(* Let $d\geq 1$ and let $\mu$ be a probability distribution on $Q_d$ such that $w_i^0>\frac12$ for every $i\in[d]$. If $(A,B)$ with $A,B\in Q_d$ is an equilibrium, then $A=B=\mathbf 0$. Consequently an equilibrium exists if and only if $(\mathbf 0,\mathbf 0)$ is an equilibrium, i.e. if and only if $P_1(X,\mathbf 0)\le \frac12$ for all $X\in Q_d$.
   Context: $Q_d=\{0,1\}^d$ with the Hamming distance $d(X,Y)=|\{i: x_i\neq y_i\}|$. A probability distribution on $Q_d$ is a function $\mu:Q_d\to\mathbb R_{\ge0}$ with $\sum_{V\in Q_d}\mu(V)=1$, extended to subsets by $\mu(\mathcal A)=\sum_{V\in\mathcal A}\mu(V)$. For $A,B\in Q_d$ let $V(A,B)=\{X\in Q_d: d(X,A)<d(X,B)\}$ and $T(A,B)=\{X\in Q_d: d(X,A)=d(X,B)\}$. The payoffs in position $(A,B)$ (Player 1 at $A$, Player 2 at $B$) are $P_1(A,B)=\mu(V(A,B))+\frac12\mu(T(A,B))$ and $P_2(A,B)=\mu(V(B,A))+\frac12\mu(T(A,B))$. The pair $(A,B)$ is an equilibrium if $P_1(A,B)\ge P_1(A',B)$ for all $A'\in Q_d$ and $P_2(A,B)\ge P_2(A,B')$ for all $B'\in Q_d$. For $i\in[d]$, $w_i^0=\mu(\{X\in Q_d: x_i=0\})$. $\mathbf 0=(0,\dots,0)$. *)

From mathcomp Require Import all_boot all_order all_algebra.
Set Implicit Arguments. Unset Strict Implicit. Unset Printing Implicit Defensive.
Import Order.TTheory GRing.Theory Num.Theory.
Local Open Scope ring_scope.

(* The hypercube Q_d = {0,1}^d, a point is a function 'I_d -> bool (false = 0, true = 1). *)
Definition cube (d : nat) := {ffun 'I_d -> bool}.

Definition hamming d (X Y : cube d) : nat := #|[set i | X i != Y i]|.

Definition zero_pt d : cube d := [ffun _ => false].

Section Game.
Variables (R : realFieldType) (d : nat) (mu : {ffun cube d -> R}).

Definition is_distribution : Prop :=
  (forall V, 0 <= mu V) /\ \sum_(V : cube d) mu V = 1.

Definition mass (S : {set cube d}) : R := \sum_(V in S) mu V.

Definition Vor (A B : cube d) : {set cube d} :=
  [set X | (hamming X A < hamming X B)%N].
Definition Tie (A B : cube d) : {set cube d} :=
  [set X | hamming X A == hamming X B].

Definition P1 (A B : cube d) : R := mass (Vor A B) + mass (Tie A B) / 2.
Definition P2 (A B : cube d) : R := mass (Vor B A) + mass (Tie A B) / 2.

Definition equilibrium (A B : cube d) : Prop :=
  (forall A', P1 A' B <= P1 A B) /\ (forall B', P2 A B' <= P2 A B).

Definition w0 (i : 'I_d) : R := mass [set X : cube d | ~~ X i].
End Game.

(* Moving onto the opponent's vertex always earns exactly 1/2, so at an
   equilibrium both payoffs are 1/2 and no deviation earns more than 1/2.
   If the opponent stands at B with B_i = 1, flipping coordinate i of B wins
   precisely the voters with x_i = 0, i.e. mass w_i^0 > 1/2; hence every
   coordinate of both locations is 0.  For the same reason (A, A) is an
   equilibrium iff no X earns more than 1/2 against A. *)
From mathcomp Require Import all_boot all_order all_algebra.
From mathcomp Require Import lra.
Set Implicit Arguments. Unset Strict Implicit. Unset Printing Implicit Defensive.
Import Order.TTheory GRing.Theory Num.Theory.
Local Open Scope ring_scope.

Definition flip d (B : cube d) (i : 'I_d) : cube d :=
  [ffun j => if j == i then ~~ B i else B j].

Lemma hamming_cardD1 d (X Y : cube d) (i : 'I_d) :
  hamming X Y = ((X i != Y i) + #|[predD1 [set j | X j != Y j] & i]|)%N.
Proof. by rewrite /hamming (cardD1 i) inE. Qed.

Lemma hamming_flip d (X B : cube d) (i : 'I_d) :
  hamming X (flip B i) = ((X i == B i) + #|[predD1 [set j | X j != B j] & i]|)%N.
Proof.
rewrite (hamming_cardD1 _ _ i) /flip ffunE eqxx; congr (_ + _)%N.
  by case: (X i); case: (B i).
by apply: eq_card => j; rewrite !inE ffunE; case: (j =P i).
Qed.

Section VoronoiGame.
Variables (R : realFieldType) (d : nat) (mu : {ffun cube d -> R}).
Hypothesis mu_distr : is_distribution mu.

Lemma massE (S : {set cube d}) :
  mass mu S = \sum_V (if V \in S then mu V else 0).
Proof. exact: big_mkcond. Qed.

Lemma mass_VorDTie (A B : cube d) :
  mass mu (Vor A B) + mass mu (Vor B A) + mass mu (Tie A B) = 1.
Proof.
have [_ <-] := mu_distr; rewrite !massE -!big_split /=.
apply: eq_bigr => V _; rewrite !inE.
by case: ltngtP; rewrite ?addr0 ?add0r.
Qed.

Lemma TieC (A B : cube d) : Tie A B = Tie B A.
Proof. by apply/setP => X; rewrite !inE eq_sym. Qed.

Lemma P2E (A B : cube d) : P2 mu A B = P1 mu B A.
Proof. by rewrite /P2 /P1 TieC. Qed.

Lemma P1D_P2 (A B : cube d) : P1 mu A B + P2 mu A B = 1.
Proof. by have := mass_VorDTie A B; rewrite /P1 /P2; lra. Qed.

Lemma P1_diag (A : cube d) : P1 mu A A = 1 / 2.
Proof.
have := mass_VorDTie A A; rewrite /P1.
have -> : Vor A A = set0 by apply/setP => X; rewrite !inE ltnn.
by rewrite /mass big_set0; lra.
Qed.

Lemma equilibrium_P1_le_half (A B A' : cube d) :
  equilibrium mu A B -> P1 mu A' B <= 1 / 2.
Proof.
move=> [dev1 dev2]; have := dev1 A'; have := dev2 A.
by rewrite P2E P1_diag; have := P1D_P2 A B; lra.
Qed.

Lemma equilibrium_P2_le_half (A B B' : cube d) :
  equilibrium mu A B -> P2 mu A B' <= 1 / 2.
Proof.
move=> [dev1 dev2]; have := dev2 B'; have := dev1 B.
by rewrite P1_diag; have := P1D_P2 A B; lra.
Qed.

Lemma equilibrium_diagP (A : cube d) :
  equilibrium mu A A <-> forall X, P1 mu X A <= 1 / 2.
Proof.
split=> [eqAA X|le_half]; first exact: equilibrium_P1_le_half eqAA.
by split=> X; rewrite ?P2E P1_diag.
Qed.


(* [flip B i] and [B] differ in one coordinate only, so they never tie. *)
Lemma P1_flip (B : cube d) i :
  P1 mu (flip B i) B = mass mu [set X : cube d | X i != B i].
Proof.
rewrite /P1.
have -> : Vor (flip B i) B = [set X : cube d | X i != B i].
  apply/setP => X; rewrite !inE hamming_flip (hamming_cardD1 X B i) ltn_add2r.
  by case: (X i); case: (B i).
have -> : Tie (flip B i) B = set0.
  apply/setP => X; rewrite !inE hamming_flip (hamming_cardD1 X B i) eqn_add2r.
  by case: (X i); case: (B i).
by rewrite /mass big_set0 mul0r addr0.
Qed.

Lemma P1_flip_true (B : cube d) i : B i -> P1 mu (flip B i) B = w0 mu i.
Proof.
move=> Bi; rewrite P1_flip /w0; congr mass.
by apply/setP => X; rewrite !inE Bi; case: (X i).
Qed.

Lemma best_response_half_zero (B : cube d) :
  (forall i, 1 / 2 < w0 mu i) -> (forall A, P1 mu A B <= 1 / 2) ->
  B = zero_pt d.
Proof.
move=> w0_gt le_half; apply/ffunP => i; rewrite ffunE.
apply/negbTE/negP => Bi.
by have := le_half (flip B i); rewrite P1_flip_true //; have := w0_gt i; lra.
Qed.

Lemma equilibrium_zero (A B : cube d) :
  (forall i, 1 / 2 < w0 mu i) -> equilibrium mu A B -> A = zero_pt d /\ B = zero_pt d.
Proof.
move=> w0_gt eqAB; split; apply: best_response_half_zero => // X.
- by rewrite -P2E; exact: equilibrium_P2_le_half eqAB.
- exact: equilibrium_P1_le_half eqAB.
Qed.

End VoronoiGame.

Theorem mainTheorem1 (R : realFieldType) (d : nat) (mu : {ffun cube d -> R}) :
  (1 <= d)%N ->
  is_distribution mu ->
  (forall i : 'I_d, 1 / 2 < w0 mu i) ->
  (forall A B : cube d, equilibrium mu A B -> A = zero_pt d /\ B = zero_pt d) /\
  ((exists A B : cube d, equilibrium mu A B) <-> equilibrium mu (zero_pt d) (zero_pt d)) /\
  (equilibrium mu (zero_pt d) (zero_pt d) <->
     forall X : cube d, P1 mu X (zero_pt d) <= 1 / 2).
Proof.
move=> _ mu_distr w0_gt.
have eq_zero := @equilibrium_zero R d mu mu_distr _ _ w0_gt.
split; first exact: eq_zero.
split; last exact: equilibrium_diagP.
split=> [[A [B eqAB]]|eq00]; last by exists (zero_pt d), (zero_pt d).
by have [eA eB] := eq_zero A B eqAB; rewrite eA eB in eqAB.
Qed.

#####

- REQUIRED ACTION: Using the records above, set down exactly the lines from the one with "apply: eq_bigr => V _; rewrite !inE." through the one with "move=> w0_gt le_half;", inclusive, and nothing more.

- EXPECTED OUTPUT:
apply: eq_bigr => V _; rewrite !inE.
by case: ltngtP; rewrite ?addr0 ?add0r.
Qed.

Lemma TieC (A B : cube d) : Tie A B = Tie B A.
Proof. by apply/setP => X; rewrite !inE eq_sym. Qed.

Lemma P2E (A B : cube d) : P2 mu A B = P1 mu B A.
Proof. by rewrite /P2 /P1 TieC. Qed.

Lemma P1D_P2 (A B : cube d) : P1 mu A B + P2 mu A B = 1.
Proof. by have := mass_VorDTie A B; rewrite /P1 /P2; lra. Qed.

Lemma P1_diag (A : cube d) : P1 mu A A = 1 / 2.
Proof.
have := mass_VorDTie A A; rewrite /P1.
have -> : Vor A A = set0 by apply/setP => X; rewrite !inE ltnn.
by rewrite /mass big_set0; lra.
Qed.

Lemma equilibrium_P1_le_half (A B A' : cube d) :
  equilibrium mu A B -> P1 mu A' B <= 1 / 2.
Proof.
move=> [dev1 dev2]; have := dev1 A'; have := dev2 A.
by rewrite P2E P1_diag; have := P1D_P2 A B; lra.
Qed.

Lemma equilibrium_P2_le_half (A B B' : cube d) :
  equilibrium mu A B -> P2 mu A B' <= 1 / 2.
Proof.
move=> [dev1 dev2]; have := dev2 B'; have := dev1 B.
by rewrite P1_diag; have := P1D_P2 A B; lra.
Qed.

Lemma equilibrium_diagP (A : cube d) :
  equilibrium mu A A <-> forall X, P1 mu X A <= 1 / 2.
Proof.
split=> [eqAA X|le_half]; first exact: equilibrium_P1_le_half eqAA.
by split=> X; rewrite ?P2E P1_diag.
Qed.


(* [flip B i] and [B] differ in one coordinate only, so they never tie. *)
Lemma P1_flip (B : cube d) i :
  P1 mu (flip B i) B = mass mu [set X : cube d | X i != B i].
Proof.
rewrite /P1.
have -> : Vor (flip B i) B = [set X : cube d | X i != B i].
  apply/setP => X; rewrite !inE hamming_flip (hamming_cardD1 X B i) ltn_add2r.
  by case: (X i); case: (B i).
have -> : Tie (flip B i) B = set0.
  apply/setP => X; rewrite !inE hamming_flip (hamming_cardD1 X B i) eqn_add2r.
  by case: (X i); case: (B i).
by rewrite /mass big_set0 mul0r addr0.
Qed.

Lemma P1_flip_true (B : cube d) i : B i -> P1 mu (flip B i) B = w0 mu i.
Proof.
move=> Bi; rewrite P1_flip /w0; congr mass.
by apply/setP => X; rewrite !inE Bi; case: (X i).
Qed.

Lemma best_response_half_zero (B : cube d) :
  (forall i, 1 / 2 < w0 mu i) -> (forall A, P1 mu A B <= 1 / 2) ->
  B = zero_pt d.
Proof.
move=> w0_gt le_half; apply/ffunP => i; rewrite ffunE.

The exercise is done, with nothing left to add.